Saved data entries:

Definition tree_nested_ind (P : tree n -> Prop) (PL : forall v, P (Leaf v))
    (PN : forall cs, foldr (fun c Q => P c /\ Q) True cs -> P (Node cs)) :
    forall t, P t :=
  fix F t := match t with
  | Leaf v => PL v
  | Node cs => PN cs ((fix G cs := match cs return foldr (fun c Q => P c /\ Q) True cs with
                       | [::] => I | c :: cs' => conj (F c) (G cs') end) cs)
  end.

Lemma tree_eqbP : Equality.axiom (@tree_eqb n).
Proof.
move=> s t; apply: (iffP idP) => [|<-]; last first.
  elim/tree_nested_ind: s => [v|cs IH] /=; first exact: eqxx.
  by elim: cs IH => [|c cs IHc] //= [-> /IHc].
elim/tree_nested_ind: s t => [v|cs IH] [w|ds] //=; first by move/eqP->.
elim: cs ds IH => [|c cs IHc] [|d ds] //= [Hc /IHc IHds] /andP[/Hc -> /IHds[->]] //.
Qed.

HB.instance Definition _ := hasDecEq.Build (tree n) tree_eqbP.

Lemma tree_ind (P : tree n -> Prop) (PL : forall v, P (Leaf v))
    (PN : forall cs, (forall c, c \in cs -> P c) -> P (Node cs)) :
  forall t, P t.
Proof.
elim/tree_nested_ind => // cs IH; apply: PN.
elim: cs IH => [|d cs IHcs] //= [Pd /IHcs Pcs] c.
by rewrite in_cons => /predU1P[->|/Pcs].
Qed.

Lemma subtreesE t u : (u \in subtrees t) = (u == t) || (u \in strict_subtrees t).
Proof. by case: t => [v|cs] /=; rewrite ?in_cons ?in_nil ?orbF. Qed.

Lemma subtrees_refl t : t \in subtrees t.
Proof. by rewrite subtreesE eqxx. Qed.

Lemma strict_subtrees_Node cs u :
  (u \in strict_subtrees (Node cs)) = has (fun c => u \in subtrees c) cs.
Proof. by apply/flatten_mapP/hasP => -[c cs_c u_c]; exists c. Qed.

Lemma subtrees_child cs c u : c \in cs -> u \in subtrees c -> u \in subtrees (Node cs).
Proof.
by move=> cs_c u_c; rewrite subtreesE strict_subtrees_Node; apply/orP; right; apply/hasP; exists c.
Qed.

Lemma leaves_subtree t u : u \in subtrees t -> {subset leaves u <= leaves t}.
Proof.
elim/tree_ind: t => [v|cs IH]; first by rewrite inE => /eqP->.
rewrite subtreesE strict_subtrees_Node => /predU1P[->//|/hasP[c cs_c u_c]] x x_u.
by apply/flatten_mapP; exists c; last exact: IH x_u.
Qed.

Fixpoint tree_size t : nat :=
  if t is Node cs then (sumn (map tree_size cs)).+1 else 1.

Lemma tree_size_child cs c : c \in cs -> tree_size c < tree_size (Node cs).
Proof.
rewrite /= ltnS; elim: cs => [|d cs IH] //.
by rewrite in_cons => /predU1P[->|/IH]; [apply: leq_addr | move/leq_trans; apply; apply: leq_addl].
Qed.

Lemma tree_size_subtree t u : u \in subtrees t -> tree_size u <= tree_size t.
Proof.
elim/tree_ind: t => [v|cs IH]; first by rewrite inE => /eqP->.
rewrite subtreesE strict_subtrees_Node => /predU1P[->//|/hasP[c cs_c u_c]].
exact/ltnW/(leq_ltn_trans (IH c cs_c u_c))/tree_size_child.
Qed.

Lemma tree_size_strict_subtree t u : u \in strict_subtrees t -> tree_size u < tree_size t.
Proof.
case: t => [//|cs]; rewrite strict_subtrees_Node => /hasP[c cs_c u_c].
exact: leq_ltn_trans (tree_size_subtree u_c) (tree_size_child cs_c).
Qed.

Lemma strict_subtrees_irr t : t \notin strict_subtrees t.
Proof. by apply/negP => /tree_size_strict_subtree; rewrite ltnn. Qed.

Lemma subtrees_anti t u : u \in subtrees t -> t \in subtrees u -> u = t.
Proof.
rewrite subtreesE => /predU1P[//|/tree_size_strict_subtree lt_ut /tree_size_subtree].
by rewrite leqNgt lt_ut.
Qed.

Lemma proper_descE s u : proper_desc s u = (s \in strict_subtrees u).
Proof. by apply/hasP/idP => [[v ? /tree_eqbP->] // | ?]; exists s => //; apply/tree_eqbP. Qed.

== Task directions ==
Go over the data above and copy every line that has the word "elim" in it.

== Your response ==
  elim/tree_nested_ind: s => [v|cs IH] /=; first exact: eqxx.
  by elim: cs IH => [|c cs IHc] //= [-> /IHc].
elim/tree_nested_ind: s t => [v|cs IH] [w|ds] //=; first by move/eqP->.
elim: cs ds IH => [|c cs IHc] [|d ds] //= [Hc /IHc IHds] /andP[/Hc -> /IHds[->]] //.
elim/tree_nested_ind => // cs IH; apply: PN.
elim: cs IH => [|d cs IHcs] //= [Pd /IHcs Pcs] c.
elim/tree_ind: t => [v|cs IH]; first by rewrite inE => /eqP->.
rewrite /= ltnS; elim: cs => [|d cs IH] //.
elim/tree_ind: t => [v|cs IH]; first by rewrite inE => /eqP->.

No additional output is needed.